A longstanding goal of neuroscience is to figure out how the brain reacts to what is happening in the outside world. But it has been challenging to map the complete neural pathways transforming sensory input into appropriate actions. In recent years, researchers have made significant progress towards understanding complete neural circuits in the nervous systems of small invertebrate model organisms, such as the nematode C. elegans and the fruit fly Drosophila. By combining a variety of new technologies, scientists have been able to delineate the processes by which chemosensory (i.e. smell), thermosensory (i.e. heat), mechanosensory (i.e. touch), or visual stimuli generate specific motor outputs in these animals. In each of these cases, the stereotypy and small size of the invertebrate brain, and the identifiability of its neurons, were essential for determining neural circuit architectures and dynamics.
The circuits revealed in invertebrates, however, are unlikely to translate one-to-one to the more complex vertebrate versions like our human brain, which are not only much bigger but also fundamentally different in structure. However, efforts to map the neural activity and connectivity of most vertebrate brains are compromised by the insufficient resolution necessary to decipher the precise nature of the way individual neurons interact. Thus, little is known about how our many (>1010) neurons and their seemingly endless, redundant, and complex neural circuits collaborate to transform sensory signals into behavior.
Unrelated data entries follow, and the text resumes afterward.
(* Let $I$ be an instance of 2-SCSS-$(k,1)$ given by a directed graph $G=(V,E)$ with edge weights $\omega:E\to\mathbb{R}^{\geq 0}$ and terminals $s,t$, and let $I'$ be the Token Game constructed from $I$ as described in the context. Then $\mathrm{OPT}(I)\geq \mathrm{OPT}(I')$.
   Context: 2-SCSS-$(k,1)$: find $k$ paths $F_1,\dots,F_k$ from $s$ to $t$ and one path $B$ from $t$ to $s$ minimizing $\sum_{e\in E}\omega(e)\max\{|\{i: e\in F_i\}|,\ [e\in B]\}$; $\mathrm{OPT}(I)$ is this minimum. The Token Game $I'$: tokens $\mathbf{b},\mathbf{f}_1,\dots,\mathbf{f}_k$; states are vectors $\bar v=(v_0,v_1,\dots,v_k)\in V^{k+1}$ ($v_0$ the location of $\mathbf{b}$, $v_i$ that of $\mathbf{f}_i$); start state $(s,\dots,s)$, end state $(t,\dots,t)$. From each state $\bar v$ the moves are: (Backward) for each edge $(w,v_0)\in E$, move to the state obtained by replacing $v_0$ by $w$, at cost $\omega(w,v_0)$; (Forward) for each $i\in[k]$ and each edge $(v_i,x)\in E$, move to the state obtained by replacing $v_i$ by $x$, at cost $\omega(v_i,x)$; (Flip) for each $i\in[k]$, move to the state obtained by swapping $v_0$ and $v_i$ (new coordinate $0$ is $v_i$, new coordinate $i$ is $v_0$, others unchanged), at cost equal to the weight of a shortest $v_i\leadsto v_0$ path in $G$. $\mathrm{OPT}(I')$ is the minimum total cost of a sequence of moves from the start state to the end state. *)

From mathcomp Require Import all_boot all_order all_algebra.
Set Implicit Arguments. Unset Strict Implicit. Unset Printing Implicit Defensive.
Import Order.TTheory GRing.Theory Num.Theory.
Local Open Scope ring_scope.

Section Defs.
Variables (R : realFieldType) (V : finType).
Variables (E : {set V * V}) (w : V -> V -> R).

(* A path from u to v is given by the list p of vertices after u:
   the vertex sequence is u :: p, consecutive pairs are edges of E,
   it ends in v, and vertices are pairwise distinct (simple path). *)
Definition is_path (u v : V) (p : seq V) : bool :=
  [&& path (fun a b => (a, b) \in E) u p, last u p == v & uniq (u :: p)].

Definition path_edges (u : V) (p : seq V) : seq (V * V) := zip (u :: p) p.

Definition path_weight (u : V) (p : seq V) : R :=
  \sum_(e <- path_edges u p) w e.1 e.2.

Definition shortest_dist (u v : V) (d : R) : Prop :=
  (exists2 p, is_path u v p & path_weight u p = d) /\
  (forall q, is_path u v q -> d <= path_weight u q).

Definition scss_cost (k : nat) (s t : V) (F : 'I_k -> seq V) (B : seq V) : R :=
  \sum_(e in E)
     w e.1 e.2 * Num.max (#|[set i | e \in path_edges s (F i)]|)%:R
                         (e \in path_edges t B)%:R.

Definition scss_feasible_cost (k : nat) (s t : V) (c : R) : Prop :=
  exists (F : 'I_k -> seq V) (B : seq V),
    [/\ forall i, is_path s t (F i), is_path t s B & c = scss_cost s t F B].

(* A state (v_0, v_1, ..., v_k): coordinate 0 is the token b,
   coordinate lift ord0 i (= i+1) is the token f_{i+1}. *)
Definition tstate (k : nat) := {ffun 'I_k.+1 -> V}.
As a proxy for the human brain, researchers have traditionally focused on measuring neural activity in mammalian vertebrate models. But in rodents, we literally have only patchy knowledge about how the intact brain processes information from the outside world. This is largely due to technical limitations, as most experimental methods are restricted to measuring only small brain regions and a few thousand neurons at a time. To understand how the entire brain deals with its constant flood of incoming information, it is important that neural activity be measured throughout the brain within well-defined behavioral contexts. And it is necessary to establish a strong theoretical framework for interpreting the big data sets that these experiments can produce.
In their study published in this week’s issue of Cell, (PDF), Naumann et al. made use of one of the smallest and translucent vertebrate model organism, the larval zebrafish. They recorded from almost all of its ~100.000 neurons to understand how a visually guided behavior, the optomotor response, is implemented at the brain scale. They chose this behavior, an ancient and conserved reflex in response to moving visual patterns, because it offered an appealing compromise between simplicity (reflex) and complexity (engages thousands of neurons distributed throughout the brain). While previous studies in zebrafish had reported whole-brain activity maps for similar behaviors, Naumann et al. moved beyond these maps to build a functional brain-wide circuit model informed by experiments and analyses at the behavioral, brain, circuit, and neuronal levels.
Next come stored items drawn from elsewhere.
(* Let $n>k\ge 1$ and $d\ge 2$ be integers with $J:=n-k-d+2\ge 1$. Consider a bipartite graph $\mathcal{T}$ with $n$ variable nodes (VNs) and $n-k$ check nodes (CNs). (a) (Necessity.) Let $\mathbf{H}\in\mathbb{F}_q^{(n-k)\times n}$ have full row rank and let $\mathcal{T}$ be its Tanner graph. If the code $\mathcal{C}=\{\mathbf{y}\in\mathbb{F}_q^n:\mathbf{y}\mathbf{H}^T=\mathbf{0}\}$ (of dimension $k$) has minimum distance at least $d$, then for every $\gamma\in[J,n-k]$, every set of $\gamma$ CNs of $\mathcal{T}$ is adjacent to at least $\gamma+k$ VNs. (b) (Sufficiency.) Conversely, if for every $\gamma\in[J,n-k]$ every set of $\gamma$ CNs of $\mathcal{T}$ is adjacent to at least $\gamma+k$ VNs, then for all sufficiently large $q$ there exists a matrix $\mathbf{H}\in\mathbb{F}_q^{(n-k)\times n}$ whose Tanner graph is $\mathcal{T}$ such that the code $\{\mathbf{y}\in\mathbb{F}_q^n:\mathbf{y}\mathbf{H}^T=\mathbf{0}\}$ has minimum distance at least $d$.
   Context: The Tanner graph of a matrix $\mathbf{H}\in\mathbb{F}_q^{(n-k)\times n}$ is the bipartite graph with variable nodes $1,\dots,n$ (columns) and check nodes $1,\dots,n-k$ (rows), where VN $i$ is adjacent to CN $j$ iff $H_{j,i}\neq 0$. A set of CNs is said to cover (be adjacent to) the set of VNs adjacent to at least one of its members. $[a,b]=\{a,\dots,b\}$. *)

From HB Require Import structures.
From mathcomp Require Import all_boot all_order all_algebra all_field.
Set Implicit Arguments. Unset Strict Implicit. Unset Printing Implicit Defensive.
Import GRing.Theory.
Local Open Scope ring_scope.

(* A bipartite graph with m check nodes and n variable nodes:
   T j i = true iff CN j is adjacent to VN i. *)
Definition bigraph (m n : nat) := 'I_m -> 'I_n -> bool.

Definition is_tanner (F : fieldType) (m n : nat) (H : 'M[F]_(m, n))
  (T : bigraph m n) : Prop :=
  forall (j : 'I_m) (i : 'I_n), T j i = (H j i != 0).

Definition nbhd (m n : nat) (T : bigraph m n) (S : {set 'I_m}) : {set 'I_n} :=
  [set i | [exists j in S, T j i]].

Definition wt (F : fieldType) (n : nat) (y : 'rV[F]_n) : nat :=
  #|[set i : 'I_n | y 0 i != 0]|.

Definition min_dist_ge (F : fieldType) (m n : nat) (H : 'M[F]_(m, n)) (d : nat)
  : Prop :=
  forall y : 'rV[F]_n, y *m H^T = 0 -> y != 0 -> (d <= wt y)%N.

Definition cover_cond (m n : nat) (T : bigraph m n) (k J : nat) : Prop :=
  forall S : {set 'I_m}, (J <= #|S| <= m)%N -> (#|S| + k <= #|nbhd T S|)%N.

From HB Require Import structures.
From mathcomp Require Import all_boot all_order all_algebra all_field.
From mathcomp Require Import zify.
Set Implicit Arguments. Unset Strict Implicit. Unset Printing Implicit Defensive.
Import GRing.Theory.

(* (a) If some gamma >= J check nodes cover fewer than gamma + k variable nodes, more than
   m - gamma columns of H vanish on those gamma rows, hence live in the remaining m - gamma
   coordinates; any m - gamma + 1 of them are dependent, giving a codeword of weight
   m - gamma + 1 < d.
   (b) Conversely, the covering condition is Hall's condition for every set of fewer than d
   variable nodes, so the support of a light codeword matches into the check nodes along
   edges. Filling the edges of the graph one at a time, each new entry is chosen away from
   the root of every minor it touches (such a minor is affine in the entry); then every
   square submatrix with a matching on its diagonal is invertible, and the codeword,
   restricted to its support, lies in the kernel of one of them. *)

Section Hall.
Variables (I J : finType) (r : I -> J -> bool).
Implicit Types (A B C : {set I}) (R Y : {set J}) (f : I -> J).

Definition rnbhd (R : {set J}) (B : {set I}) : {set J} :=
  [set j in R | [exists i in B, r i j]].

Definition matches (A : {set I}) (R : {set J}) (f : I -> J) :=
  {in A &, injective f} /\ {in A, forall i, (f i \in R) && r i (f i)}.

Definition hall_cond (A : {set I}) (R : {set J}) :=
  forall B : {set I}, B \subset A -> #|B| <= #|rnbhd R B|.

Lemma rnbhdU R B C : rnbhd R (B :|: C) = rnbhd R B :|: rnbhd R C.
Proof.
apply/setP=> j; rewrite !inE -andb_orr; congr (_ && _).
apply/existsP/orP => [[i /andP[]]|[|]/existsP[i /andP[iB rij]]].
- by rewrite inE => /orP[] iB rij; [left|right]; apply/existsP; exists i; rewrite iB.
- by exists i; rewrite inE iB.
- by exists i; rewrite inE iB orbT.
Qed.

Lemma rnbhdD R Y B : rnbhd (R :\: Y) B = rnbhd R B :\: Y.
Proof. by apply/setP=> j; rewrite !inE andbA. Qed.

Lemma matches_rnbhd A R f : matches A R f -> matches A (rnbhd R A) f.
Proof.
case=> injf fA; split=> // i iA; have /andP[fR rif] := fA i iA.
by rewrite rif inE fR andbT; apply/existsP; exists i; rewrite iA.
Qed.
A critical step in this process was the choice of stimuli Naumann et al. used to dissect the system. Realizing that animals must combine sensations in both eyes to guide behavior, they showed different combinations of monocular and binocular motion patterns, which allowed them tease apart information channels and interactions that had gone unnoticed in previous studies. These new properties included asymmetries in motion processing between the eyes, separation of the behavior into distinct turning and swimming modules, and stabilization of the behavior via reciprocal inhibition. Ultimately, they were able to distill a set of algorithms that related each stimulus to behavior. For example, the optomotor response was driven asymmetrically by visual motion to each eye or turning in the incorrect direction was suppressed strongly by motion moving medially (towards the fish midline). These rules or algorithms became cornerstones of their brain-wide circuit model.
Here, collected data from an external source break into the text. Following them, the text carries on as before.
(* Applying pi_low (.) (x) z~_t maps Phi_j to Phi_{j+1} and zhat to zhat, and
   lam (lam^{l+1}/(1-lam)) + lam^{l+1} = lam^{l+1}/(1-lam). *)
Lemma USigSAS_fixed_point (lam : R) (zz : {ptws nat -> R}) n : lam < 1 ->
  USigSAS R p lam l I0 zz n = FSigSAS R p lam l I0 (USigSAS R p lam l I0 zz n.+1) (zz n).
Proof.
move=> lam_lt1; apply: funext => i.
set c := lam ^+ l.+1 / (1 - lam).
have shift_U : shift (zz n) (USigSAS R p lam l I0 zz n.+1) i =
    c * zhat zz n i + \sum_(j < l.+1) lam ^+ j * Phi j.+1 zz n i.
  rewrite -(Phi_tail zz n (ltnW (ltnSn l.+1))) Phi_step (Phi_tail zz n.+1 (ltnSn l)).
  under [in RHS]eq_bigr do rewrite Phi_step.
  rewrite /tens /pi_low /USigSAS mulrDl big_distrl /= mulrA.
  by congr (_ + _); apply: eq_bigr => j _; rewrite mulrA.
have Phi0 : Phi 0 zz n = zhat0 R p l I0 (zz n) by rewrite /Phi /= addn0.
rewrite /FSigSAS shift_U /USigSAS -/c big_ord_recl big_ord_recr /= Phi0.
rewrite (Phi_tail zz n (ltnSn l)).
have -> : \sum_(j < l) lam ^+ (lift ord0 j) * Phi (lift ord0 j) zz n i =
    lam * \sum_(j < l) lam ^+ j * Phi j.+1 zz n i.
  by rewrite mulr_sumr; apply: eq_bigr => j _; rewrite lift0 exprS mulrA.
have lam1 : 1 - lam != 0 by rewrite subr_eq0 eq_sym lt_eqF.
by rewrite /c exprS; field.
Qed.

Section Bounds.
Variables (M : R) (zz : {ptws nat -> R}).
Hypothesis zz_bnd : forall k, `|zz k| <= M.
Local Notation Mt := (\sum_(j < p.+1) M ^+ j).

Lemma M_ge0 : 0 <= M.
Proof. exact: le_trans (zz_bnd 0%N). Qed.

(* Each factor of Psi^(r) is e_1, a power z^a with a <= p, or 0. *)
Lemma psi_factor_bound s m a : `|psi_factor zz s m a| <= Mt.
Proof.
have Mt_ge1 : 1 <= Mt.
  by rewrite (bigD1 ord0) //= expr0 lerDl sumr_ge0 // => j _; rewrite exprn_ge0 ?M_ge0.
rewrite /psi_factor /ztilde; case: (leqP m l) => _; last exact: norm_expr_le_Mt (zz_bnd _).
case: (ltnP m l) => _.
  by rewrite normr_nat; case: (a == ord0); rewrite ?Mt_ge0 ?M_ge0.
case: (a \in I0); first exact: norm_expr_le_Mt (zz_bnd _).
by rewrite normr0 Mt_ge0 ?M_ge0.
Qed.

Lemma Psi_coord_bound n j r i : `|Psi zz n j r i| <= Mt ^+ l.+1.
Proof.
have -> : Mt ^+ l.+1 = \prod_(k < l.+1) Mt by rewrite prodr_const card_ord.
rewrite Psi_prod normr_prod.
by apply: ler_prod => k _; rewrite normr_ge0 psi_factor_bound.
Qed.

Lemma USigSAS_bounded (lam : R) : 0 < lam -> lam < 1 ->
  exists B, forall n, tnorm R p l.+1 (USigSAS R p lam l I0 zz n) <= B.
Proof.
move=> lam_gt0 lam_lt1.
set c := lam ^+ l.+1 / (1 - lam).
have c_ge0 : 0 <= c by rewrite divr_ge0 ?exprn_ge0 ?subr_ge0 ?ltW.
exists (\sum_(i : idx p l.+1)
  (c * Mt ^+ l.+1 + \sum_(j < l.+1) lam ^+ j * Mt ^+ l.+1)) => n.
apply: le_trans (sqrt_sum_sqr_le_sum_norm _) _; apply: ler_sum => i _.
apply: le_trans (ler_normD _ _) _; apply: lerD.
  rewrite normrM ger0_norm //; apply: ler_wpM2l => //.
  by rewrite -(Phi_tail zz n (ltnSn l)) Psi_coord_bound.
apply: le_trans (ler_norm_sum _ _ _) _; apply: ler_sum => j _.
have lamj_ge0 : 0 <= lam ^+ j by rewrite exprn_ge0 // ltW.
by rewrite normrM ger0_norm //; apply: ler_wpM2l; rewrite ?Psi_coord_bound.
Qed.

(* The explicit filter takes values in the ball of radius L: with
   e_n = ||U_n|| - L, the affine bound on F gives e_n <= lam Mt e_{n+1}. *)
Lemma USigSAS_in_ball (lam : R) : 0 < lam -> lam < 1 -> lam * Mt < 1 ->
  forall n, tnorm R p l.+1 (USigSAS R p lam l I0 zz n) <= Mt / (1 - lam * Mt).
Proof.
move=> lam_gt0 lam_lt1 contr n.
have [B U_bnd] := USigSAS_bounded lam lam_gt0 lam_lt1.
set L := Mt / (1 - lam * Mt).
have contr0 : 1 - lam * Mt != 0 by rewrite subr_eq0 eq_sym lt_eqF.
have contr_ge0 : 0 <= lam * Mt by rewrite mulr_ge0 ?Mt_ge0 ?M_ge0 // ltW.
rewrite -subr_le0.
apply: (@nonpos_of_backward_contraction _
  (fun n => tnorm R p l.+1 (USigSAS R p lam l I0 zz n) - L) (lam * Mt) (B - L)) => // k;
  last by rewrite lerB.
rewrite {1}(USigSAS_fixed_point lam zz k lam_lt1).
set u := tnorm R p l.+1 (USigSAS R p lam l I0 zz k.+1).
have -> : lam * Mt * (u - L) = lam * (Mt * u) + Mt - L by rewrite /L; field.
by rewrite lerB // (F_affine_bound R p l I0 lam M (zz k) _ (ltW lam_gt0) (zz_bnd k)).
Qed.

End Bounds.

Lemma continuous_psi_factor s m a :
  continuous (fun g : {ptws nat -> R} => psi_factor g s m a).
Proof.
rewrite /psi_factor /ztilde; case: (leqP m l) => _; last exact: continuous_coord_expr.
case: (ltnP m l) => _; first exact: cst_continuous.
by case: (a \in I0); [exact: continuous_coord_expr | exact: cst_continuous].
Qed.

Lemma continuous_zhat_coord n i :
  continuous (fun g : {ptws nat -> R} => zhat g n i).
Proof.
by apply: continuous_big => // [|k _]; [exact: mul_continuous | exact: continuous_coord_expr].
Qed.

Lemma continuous_Phi_coord j n i :
  continuous (fun g : {ptws nat -> R} => Phi j g n i).
Proof.
rewrite (_ : (fun g => _) = fun g => \prod_(k < l.+1) psi_factor g (n + j) (k + j) (i k)).
  apply: continuous_big => // [|k _]; first exact: mul_continuous.
  exact: continuous_psi_factor.
by apply: funext => g; rewrite /Phi Psi_prod.
Qed.

(* Part (3), fading memory: each coefficient of U(z)_t is a polynomial in
   finitely many z_s, hence U is continuous for the product topologies. *)
Lemma continuous_USigSAS (lam : R) : continuous (USigSAS R p lam l I0).
Proof.
apply: continuous_into_ptws => n; apply: continuous_into_ptws => i zz.
apply: (@cvgD _ _ _ _ (nbhs_filter zz) (fun g => lam ^+ l.+1 / (1 - lam) * zhat g n i)
  (fun g => \sum_(j < l.+1) lam ^+ j * Phi j g n i)).
  by apply: cvgMl_tmp; exact: continuous_zhat_coord.
apply: cvg_big => // [|j _]; first exact: add_continuous.
by apply: cvgMl_tmp; exact: continuous_Phi_coord.
Qed.

End ExplicitFilter.

Theorem mainTheorem2 (R : realType) (M : R) (l p : nat) (lam : R)
  (I0 : {set 'I_p.+1}) :
  0 < M -> ord0 \in I0 -> (1 < #|I0|)%N ->
  0 < lam -> lam < 1 -> lam * (\sum_(j < p.+1) M ^+ j) < 1 ->
  let Mt := \sum_(j < p.+1) M ^+ j in
  let L := Mt / (1 - lam * Mt) in
  let F := FSigSAS R p lam l I0 in
  (* (1) contraction *)
  ((forall (x1 x2 : tensor R p l.+1) (z : R), `|z| <= M ->
      tnorm R p l.+1 (tsub R p l.+1 (F x1 z) (F x2 z)) <= lam * Mt * tnorm R p l.+1 (tsub R p l.+1 x1 x2))
   /\ lam * Mt < 1)
  (* (2) the closed ball of radius L is invariant *)
  /\ (forall (x : tensor R p l.+1) (z : R), tnorm R p l.+1 x <= L -> `|z| <= M ->
        tnorm R p l.+1 (F x z) <= L)
  (* (3) ESP on K_M (state space: closed ball of radius L), the filter is
     U^SigSAS, it takes values in K_L, and it has the FMP *)
  /\ ESP [set x : tensor R p l.+1 | tnorm R p l.+1 x <= L] F (KM R M)
  /\ (forall zz, KM R M zz ->
        (forall n, tnorm R p l.+1 (USigSAS R p lam l I0 zz n) <= L) /\
        (forall n, USigSAS R p lam l I0 zz n = F (USigSAS R p lam l I0 zz n.+1) (zz n)))
  /\ {within KM R M, continuous (USigSAS R p lam l I0)}.
Proof.
move=> M_gt0 I0_e1 _ lam_gt0 lam_lt1 contr Mt L F.
have U_solves zz : KM R M zz ->
    (forall n, tnorm R p l.+1 (USigSAS R p lam l I0 zz n) <= L) /\
    (forall n, USigSAS R p lam l I0 zz n = F (USigSAS R p lam l I0 zz n.+1) (zz n)).
  move=> zz_bnd; split => n; first exact: USigSAS_in_ball.
  exact: USigSAS_fixed_point.
split; first by split => // x1 x2 z; exact: F_lipschitz (ltW lam_gt0).
split; first by move=> x z x_ball zM; exact: F_maps_ball (ltW lam_gt0) (ltW M_gt0) contr zM x_ball.
split.
  move=> zz zz_bnd; exists (USigSAS R p lam l I0 zz); split; first exact: U_solves.
  move=> ys [ys_ball ys_sol]; have [U_ball U_sol] := U_solves zz zz_bnd.
  exact: bounded_solutions_unique (ltW lam_gt0) zz_bnd contr U_ball ys_ball U_sol ys_sol.
split; first exact: U_solves.
exact/continuous_subspaceT/continuous_USigSAS.
Qed.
Armed with the detailed description of the behavior and required computations, neural tracing of the links between brain areas processing sensory information, and whole-brain imaging of neural activity, Naumann et al. were ready to build a functional model to explain the behavior. They were confronted, however, with the great heterogeneity and redundancy characteristic of all vertebrate brains. Processing seemed distributed over thousands of cells of many different classes. To make heads or tails of this complexity, they first reduced the neuron population into 16 critical – and bilaterally symmetrical – cell types, based on relative abundance and similarities in stimulus response profiles. But when they then wired these cell types to motor centers based on the revealed circuit architecture, they found it difficult to assign any consistent role to any of the neurons; connections between types appeared to compensate for each other, such that in one model a neuron would have an excitatory connection but in another model it would have an inhibitory one. To find some method in the madness, they instead looked for collective patterns of connectivity across all of the cell types in their models. Specifically, with the critical help of James Fitzgerald and Haim Sompolinsky from Harvard’s Swartz program, they revealed significant covariations in connectivity, suggesting that individual animals could implement the circuit very differently at the level of single neurons, as long as a critical relative relationship between cell types is maintained. By statistically modeling realistic brain circuits based on observed cell types, Fitzgerald and Sompolinsky could show that while the actual connectivity between neurons is neither determined nor important, certain dimensions of connectivity are.
Beyond the optomotor response, Naumann et al. establish a roadmap for digesting large-scale neural data from vertebrate brains and raise fundamental questions broadly relevant to systems neuroscience. This work is particularly timely and appealing in light of the US BRAIN initiative’s concerted push towards whole-brain descriptions of neural function and behavior.